Santa moves quickly on Christmas Eve: normally distributed times for visits

Question

Here is a question from a recent exam I gave in a basic probability course--all dressed up for Christmas.

Even with all his magic, Santa has to move quickly on Christmas eve. He spends a brief (approximately normally distributed) amount of time at each house. At three quarters of the houses he can finish leaving toys within 76.75 seconds. Even more quickly, he can finish at a quarter of the houses within 63.25 seconds. What is the probability he takes 60 seconds or less at a (randomly chosen) house.

Answer 1

BY the symmetry of the normal distribution, we conclude that $\mu=\frac{76.75+63.25}{2}=70$. In a freely available z table, we read off that $p=\frac14=0.2500$ corresponds to $z\approx -0.63745$. Hence $\sigma \approx \frac{63.25-70}{-0.63745}$ and the desired 60 seconds correspond to $z=\frac{60-70}{\sigma}\approx \frac{60-70}{63.25-70}\cdot(-0.63745)\approx -0.944$. For this z-value, we read off $$p\approx 0.1726.$$

Answer 2

Your software value of $0.159$ is correct.

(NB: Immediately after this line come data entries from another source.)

Lemma blowup_inD n k l m G : 0 < k -> 0 < l ->
    (forall a g, G a g = G g a) -> (forall a, a < n -> \sum_(g < n) G a g = m) ->
  inD k l m n (blowup n k l G).
Proof.
move=> k0 l0 GC Gsum; apply/andP; split; apply/forallP => x; apply/eqP.
  have xk : x %/ k < n by rewrite ltn_divLR.
  by under eq_bigr do rewrite mxE; rewrite sum_divn // (Gsum _ xk) mulnC.
have xl : x %/ l < n by rewrite ltn_divLR.
by under eq_bigr do rewrite mxE GC; rewrite sum_divn // (Gsum _ xl) mulnC.
Qed.

Lemma tdetE k l n (M : 'M[nat]_(n * k, n * l)) : k <= l -> tdet M = tdet_le M.
Proof. by move=> kl; rewrite /tdet leq_mul2l kl orbT. Qed.

Lemma inD_entry_le k l m n (M : 'M[nat]_(n * k, n * l)) i j :
  inD k l m n M -> M i j <= m * l.
Proof. by case/andP=> /forallP/(_ i)/eqP <- _; rewrite (bigD1 j) //= leq_addr. Qed.

Lemma Lkl_le_tdet k l m n (M : 'M[nat]_(n * k, n * l)) : k <= l ->
  inD k l m n M -> Lkl k l m n <= tdet_le M.
Proof.
move=> kl MD; pose M' : 'M['I_(m * l).+1]_(n * k, n * l) :=
  (\matrix_(i, j) inord (M i j))%R.
have M'E : map_mx val M' = M.
  apply/matrixP => i j; rewrite !mxE.
  by apply: inordK; rewrite ltnS (inD_entry_le i j MD).
by rewrite -(tdetE M kl) -M'E; apply: big_minn_leq (mem_index_enum M') _; rewrite M'E.
Qed.

Lemma leq_Lkl_tdet k l m n b : k <= l ->
    (forall M : 'M[nat]_(n * k, n * l), inD k l m n M -> b <= tdet_le M) ->
    b <= n * k * (m * l) ->
  b <= Lkl k l m n.
Proof.
move=> kl bM b0; apply: (big_ind (fun x => b <= x)) => // [x y bx by'|A AD].
  by rewrite leq_min bx by'.
by rewrite tdetE // bM.
Qed.

Lemma Lkl_le_blowup_cover k l m n G (x y : nat -> nat) : 0 < k <= l ->
    (forall a g, G a g = G g a) -> (forall a, a < n -> \sum_(g < n) G a g = m) ->
    (forall a g, G a g <= x a + y g) ->
  Lkl k l m n <= k * \sum_(a < n) x a + l * \sum_(g < n) y g.
Proof.
case/andP=> k0 kl GC Gsum Gxy; have l0 := leq_trans k0 kl.
apply: leq_trans (Lkl_le_tdet kl (blowup_inD k0 l0 GC Gsum)) _.
rewrite -!sum_divn //; apply: tdet_le_leq_cover => i j; rewrite mxE; exact: Gxy.
Qed.

Lemma tdet_le_inD_lower_bound k l m n q r (M : 'M[nat]_(n * k, n * l)) :
    0 < k <= l -> 0 < n -> m = q * n + r -> inD k l m n M ->
  n * k * q + minn (n * k) (r * (k + l)) <= tdet_le M.
Proof.
case/andP=> k0 kl n0 mE /andP[/forallP rows /forallP cols].
have le_st : n * k <= n * l by rewrite leq_mul2l kl orbT.
have [u [v [uv uvM]]] := tdet_le_cover M le_st.
apply: leq_trans uvM; rewrite mulnDr [r * k + _]addnC.
apply: cover_sum_lower_bound => [|i|j]; first by rewrite muln_gt0 n0 k0.
  have -> : n * l * q + r * l = m * l by rewrite mE mulnDl [n * l * q]mulnC mulnA.
  by rewrite -(eqP (rows i)); apply: leq_sum_add_const.
have -> : n * k * q + r * k = m * k by rewrite mE mulnDl [n * k * q]mulnC mulnA.
rewrite -(eqP (cols j)) addnC; apply: leq_sum_add_const => i; rewrite addnC; exact: uv.
Qed.

Lemma leq_Lkl k l m n q r : 0 < k <= l -> 0 < n -> 0 < r -> m = q * n + r ->
  n * k * q + minn (n * k) (r * (k + l)) <= Lkl k l m n.
Proof.
move=> kl n0 r0 mE; have /andP[k0 le_kl] := kl.
apply: (leq_Lkl_tdet le_kl) => [M MD|]; first exact: tdet_le_inD_lower_bound kl n0 mE MD.
have qm : q < m by rewrite mE -addn1 leq_add ?leq_pmulr.
apply: leq_trans (_ : n * k * m <= _); last first.
  by rewrite leq_mul2l leq_pmulr ?orbT // (leq_trans k0 le_kl).
apply: leq_trans (_ : n * k * q.+1 <= _); last by rewrite leq_mul2l qm orbT.
by rewrite mulnS addnC leq_add2r geq_minl.
Qed.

As already stated in the previous answer, we easily get $\mu=70$. For the calculation of $\sigma $, however, the correct value of $z $ that corresponds to $p=0.25$ is $-0.6745$. Thus, from

$$\sigma= \frac{63.25-70}{-0.6745} $$

we get $\sigma \approx 10.0074$. So, the value of $60 $ corresponds to a $z$ value of

$$ \frac{60-70}{10.0074} \approx 0.9993$$

which in turn gives, using printed tables or online $z$-to-$p $ conversion tools,

$$p \approx 0.1588$$

in accordance with your software calculations.